1.2 Maximum and minimum normalization of the data, the formula is:
wherein Xnormalized is normalized data, X is original data, min (X) is minimum value of the original data, and max (X) is maximum value of the original data.
In the step 2), a deep time sequence neural network model is constructed by using the training set data in the step S1 to predict the ROP value, and the method specifically comprises the following substeps:
2.1 A deep neural network model is constructed, the model adopts self-attention framework as a core framework, and the dynamic rule of the change of drilling parameters and stratum characteristics along with time is captured by utilizing the advantages of the model in the aspect of processing time sequence data. The model comprises a neural network architecture of an encoder (encoder) and a decoder (decoder) based on a self-attention mechanism (self-attention) for extracting multi-level time series characteristics, and setting a full connection layer at an output end to generate a predicted ROP value.

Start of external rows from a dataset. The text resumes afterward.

Lemma tangent_double_root A t1 :
  w != 0 -> A = P + t1 *: w -> inball s A -> gdot s O A = c ->
  (forall t, inball s (P + t *: w) -> gdot s O (P + t *: w) = c -> P + t *: w = A) ->
  (b ^+ 2 + c ^+ 2 * k) * t1 = - (a * b - c ^+ 2 * m).
Proof.
move=> w_neq0 hA A_in A_on tangent.
have D_gt0 : 0 < b ^+ 2 + c ^+ 2 * k.
  have := mulr_gt0 (exprn_gt0 2 c_gt0) (line_k_gt0 s_gt0 P_in w_neq0).
  by have := sqr_ge0 b; lra.
(* The second root of the quadratic is also a point of the gyrocircle on the line. *)
set t' := - 2 * (a * b - c ^+ 2 * m) / (b ^+ 2 + c ^+ 2 * k) - t1.
have [X'_in X'_on] :=
  line_on_circle (on_circle_reflect (lt0r_neq0 D_gt0) (on_circle_line A_in hA A_on)).
have := tangent _ X'_in X'_on; rewrite hA => /addrI/eqP.
rewrite -subr_eq0 -scalerBl scaler_eq0 (negbTE w_neq0) orbF subr_eq0 => /eqP t'_eq.
have : (b ^+ 2 + c ^+ 2 * k) * (t' + t1) = - 2 * (a * b - c ^+ 2 * m).
  by rewrite /t'; field; rewrite gt_eqF.
by rewrite /t' t'_eq; lra.
Qed.

Lemma tangent_power A t1 :
  w != 0 -> A = P + t1 *: w -> inball s A -> gdot s O A = c ->
  (forall t, inball s (P + t *: w) -> gdot s O (P + t *: w) = c -> P + t *: w = A) ->
  (gammaR s (gyrodist s A P) * gyrodist s A P) ^+ 2 = s ^+ 2 * (a ^+ 2 - c ^+ 2) / c ^+ 2.
Proof.
move=> w_neq0 hA A_in A_on tangent.
have double := tangent_double_root w_neq0 hA A_in A_on tangent.
have gamma_AP : gammaR s (gyrodist s A P) = a / c.
  rewrite gammaR_gyrodist // (gdot_line_base s_gt0 P_in hA).
  apply: (tangent_gamma (lt0r_neq0 c_gt0) (on_circle_line A_in hA A_on) double).
  by rewrite -(gdot_point_line s_gt0 P_in O hA).
by rewrite gammaR_mul_sqr ?gyrodist_range // gamma_AP; field; rewrite gt_eqF.
Qed.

2.2 Setting input characteristics and output targets of the model, wherein the input characteristics of the model comprise Weight On Bit (WOB), rotating speed (RPM), riser pressure (SPP), torque (TQ), slurry inflow (MFI) and major groove load (HKL), and the output targets are the drilling Rate (ROP) at corresponding moments. The input features are subjected to normalization processing to accelerate training and improve generalization performance of the model.

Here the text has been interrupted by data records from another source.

(* For every pair $s,t\in\{0,1\}^{<\mathbb N}$ that are independent (neither is a prefix of the other), the element $y_sy_t^{-1}$ lies in $S$.
   Context: Let $\{0,1\}^{\mathbb N}$ be the Cantor set of infinite binary sequences and $\{0,1\}^{<\mathbb N}$ the set of finite binary words, including the empty word; juxtaposition denotes concatenation, $0^n,1^n$ denote constant words. Homeomorphisms act on the right. Define $x,y$ by $00\eta\cdot x=0\eta$, $01\eta\cdot x=10\eta$, $1\eta\cdot x=11\eta$, and recursively $00\eta\cdot y=0(\eta\cdot y)$, $01\eta\cdot y=10(\eta\cdot y^{-1})$, $1\eta\cdot y=11(\eta\cdot y)$; $x_s$ (resp. $y_s$) sends $s\eta\mapsto s(\eta\cdot x)$ (resp. $s(\eta\cdot y)$) and fixes sequences not beginning with $s$. For $n\ge0$, $p_n$ is the homeomorphism with $1^k0\eta\cdot p_n=1^{k+1}0\eta$ for $0\le k\le n-1$, $1^n0\eta\cdot p_n=1^{n+1}\eta$, and $1^{n+1}\eta\cdot p_n=0\eta$. $T$ is the group generated by all $x_s$ and all $p_n$, and $S=\langle T,\ y_{10}y_{110}^{-1}\rangle$. *)

From mathcomp Require Import all_boot.
Set Implicit Arguments. Unset Strict Implicit. Unset Printing Implicit Defensive.

(* The Cantor set {0,1}^N : infinite binary sequences, false = 0, true = 1. *)
Definition cantor := nat -> bool.
(* Finite binary words are [seq bool]; homeomorphisms are functions
   cantor -> cantor, applied on the right: eta . (g h) = h (g eta). *)

Definition shift (n : nat) (xi : cantor) : cantor := fun i => xi (n + i).

Definition prepend (w : seq bool) (xi : cantor) : cantor :=
  fun i => if i < size w then nth false w i else xi (i - size w).

Definition hasprefix (w : seq bool) (xi : cantor) : bool :=
  all (fun i => xi i == nth false w i) (iota 0 (size w)).

Definition local (s : seq bool) (f : cantor -> cantor) : cantor -> cantor :=
  fun xi => if hasprefix s xi then prepend s (f (shift (size s) xi)) else xi.

Definition xmap (xi : cantor) : cantor :=
  if xi 0 then prepend [:: true; true] (shift 1 xi)
  else if xi 1 then prepend [:: true; false] (shift 2 xi)
  else prepend [:: false] (shift 2 xi).

(* y and y^{-1}, given by their mutually recursive definitions, realised as a
   two-state transducer (state false = y, state true = y^{-1}):
     00eta.y = 0(eta.y), 01eta.y = 10(eta.y^{-1}), 1eta.y = 11(eta.y);
     0eta.y^{-1} = 00(eta.y^{-1}), 10eta.y^{-1} = 01(eta.y),
     11eta.y^{-1} = 1(eta.y^{-1}).
   One step returns (output word, number of input letters read, next state). *)
Definition ystep (inv : bool) (xi : cantor) : seq bool * nat * bool :=
  if ~~ inv then
    (if xi 0 then ([:: true; true], 1, false)
     else if xi 1 then ([:: true; false], 2, true)
     else ([:: false], 2, false))
  else
    (if xi 0 then
       (if xi 1 then ([:: true], 2, true) else ([:: false; true], 2, false))
     else ([:: false; false], 1, true)).

Fixpoint yrun (n : nat) (inv : bool) (xi : cantor) : seq bool :=
  match n with
  | 0 => [::]
  | n'.+1 =>
      let '(o, c, inv') := ystep inv xi in o ++ yrun n' inv' (shift c xi)
  end.

(* every step outputs at least one letter, so k+1 steps determine letter k *)
Definition ygen (inv : bool) (xi : cantor) : cantor :=
  fun k => nth false (yrun k.+1 inv xi) k.

Definition ymap : cantor -> cantor := ygen false.
Definition ymap_inv : cantor -> cantor := ygen true.

Definition pnmap (n : nat) (xi : cantor) : cantor :=
  if hasprefix (nseq n.+1 true) xi then prepend [:: false] (shift n.+1 xi)
  else if hasprefix (rcons (nseq n true) false) xi
       then prepend (nseq n.+1 true) (shift n.+1 xi)
  else prepend [:: true] xi.

Definition wmap (xi : cantor) : cantor :=
  local [:: true; true; false] ymap_inv (local [:: true; false] ymap xi).

Inductive S_gen : (cantor -> cantor) -> Prop :=
  | Sgen_x (s : seq bool) : S_gen (local s xmap)
  | Sgen_p (n : nat) : S_gen (pnmap n)
  | Sgen_w : S_gen wmap.

(* S = the subgroup (of the homeomorphism group) generated by S_gen:
   words in generators and their inverses, up to pointwise equality. *)
Inductive inS : (cantor -> cantor) -> Prop :=
  | inS_id : inS id
  | inS_ext f g : inS f -> (forall xi, f xi =1 g xi) -> inS g
  | inS_mul f g : inS f -> S_gen g -> inS (fun xi => g (f xi))
  | inS_mulinv f g h : inS f -> S_gen g ->
      (forall xi, h (g xi) =1 xi) -> (forall xi, g (h xi) =1 xi) ->
      inS (fun xi => h (f xi)).

From mathcomp Require Import all_boot.
From Stdlib Require Import FunctionalExtensionality.
Set Implicit Arguments. Unset Strict Implicit. Unset Printing Implicit Defensive.

(* Write [ydivS a b] for "y_a y_b^{-1} and its inverse y_b y_a^{-1} lie in S".
   Starting from the generator y_{10} y_{110}^{-1}, the relation spreads by
   - conjugation: an element of S carrying the disjoint cones of a, b onto
     those of a', b' turns ydivS a b into ydivS a' b' (ydivS_conj); as S acts
     transitively on proper cones (cone_equiv_true), a relation between 1u
     and 1v moves to wu, wv for every word w (ydivS_transport);
   - combined with p_1, p_2 this gives ydivS w0 w1 for all w (ydivS_siblings);
   - the self-similarity y = x y_0 y_{10}^{-1} y_{11} lets one lengthen a word
     of a related pair with disjoint cones by one letter (ydivS_extend).
   Independent s, t have the form u a s', u (~a) t', and growing the
   siblings u a, u (~a) proves the theorem. *)

Lemma cantor_ext (a b : cantor) : a =1 b -> a = b.
Proof. exact: functional_extensionality. Qed.

Lemma prepend_nil (e : cantor) : prepend [::] e = e.
Proof. by apply: cantor_ext => i; rewrite /prepend /= subn0. Qed.

Lemma prepend_consS b a (e : cantor) i : prepend (b :: a) e i.+1 = prepend a e i.
Proof. by rewrite /prepend /= ltnS subSS. Qed.

Lemma prepend_cat a b (e : cantor) : prepend (a ++ b) e = prepend a (prepend b e).
Proof.
elim: a => [|x a IH]; first by rewrite prepend_nil.
by apply: cantor_ext => -[|i] //=; rewrite !prepend_consS IH.
Qed.

Lemma prepend2 b c (e : cantor) :
  prepend [:: b] (prepend [:: c] e) = prepend [:: b; c] e.
Proof. exact: (esym (prepend_cat [:: b] [:: c] e)). Qed.

Lemma prepend3 a b c (e : cantor) :
  prepend [:: a; b] (prepend [:: c] e) = prepend [:: a; b; c] e.
Proof. exact: (esym (prepend_cat [:: a; b] [:: c] e)). Qed.

Lemma shift_prepend a (e : cantor) : shift (size a) (prepend a e) = e.
Proof. by apply: cantor_ext => i; rewrite /shift /prepend ltnNge leq_addr addKn. Qed.

Lemma prepend_head (x : cantor) : x = prepend [:: x 0] (shift 1 x).
Proof.
apply: cantor_ext => -[|i] //.
by rewrite prepend_consS prepend_nil /shift add1n.
Qed.

Lemma cantor_cases (P : cantor -> Prop) :
  (forall b e, P (prepend [:: b] e)) -> forall x, P x.
Proof. by move=> H x; rewrite (prepend_head x). Qed.

Lemma hasprefixP w (x : cantor) :
  reflect (forall i, i < size w -> x i = nth false w i) (hasprefix w x).
Proof.
apply: (iffP allP) => H i.
- by move=> Hi; apply/eqP/H; rewrite mem_iota.
- by rewrite mem_iota add0n => /andP[_ Hi]; apply/eqP/H.
Qed.

Lemma hasprefix_prepend a b (e : cantor) :
  hasprefix (a ++ b) (prepend a e) = hasprefix b e.
Proof.
apply/hasprefixP/hasprefixP => H i Hi.
- have := H (size a + i); rewrite size_cat ltn_add2l nth_cat /prepend.
  by rewrite [_ + _ < _]ltnNge leq_addr /= addKn; apply.
- rewrite /prepend nth_cat; case: ifP => // /negbT; rewrite -leqNgt => Hai.
  by rewrite H // -(ltn_add2l (size a)) subnKC // -size_cat.
Qed.

Lemma hasprefix_prepend_self a (e : cantor) : hasprefix a (prepend a e).
Proof. by have := hasprefix_prepend a [::] e; rewrite cats0. Qed.

Lemma hasprefix_catl a b (x : cantor) : hasprefix (a ++ b) x -> hasprefix a x.
Proof.
move/hasprefixP=> H; apply/hasprefixP => i Hi.
by rewrite H ?nth_cat ?Hi // size_cat ltn_addr.
Qed.

Lemma prepend_shift a (x : cantor) :
  hasprefix a x -> prepend a (shift (size a) x) = x.
Proof.
move/hasprefixP => H; apply: cantor_ext => i; rewrite /prepend.
case: ifP => Hi; first by rewrite H.
by rewrite /shift subnKC // leqNgt Hi.
Qed.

2.3 Time sequence prediction model loss function and optimizer, the model training process adopts Mean Square Error (MSE) as the loss function, and the formula is as follows:
Wherein yi is the true ROP value,For the model predicted ROP value, N is the number of samples. In the training optimization process, an Adam optimizer is adopted for parameter updating.
2.4 And (3) after the evaluation result of the test set reaches the expectation, storing the optimal state of the model.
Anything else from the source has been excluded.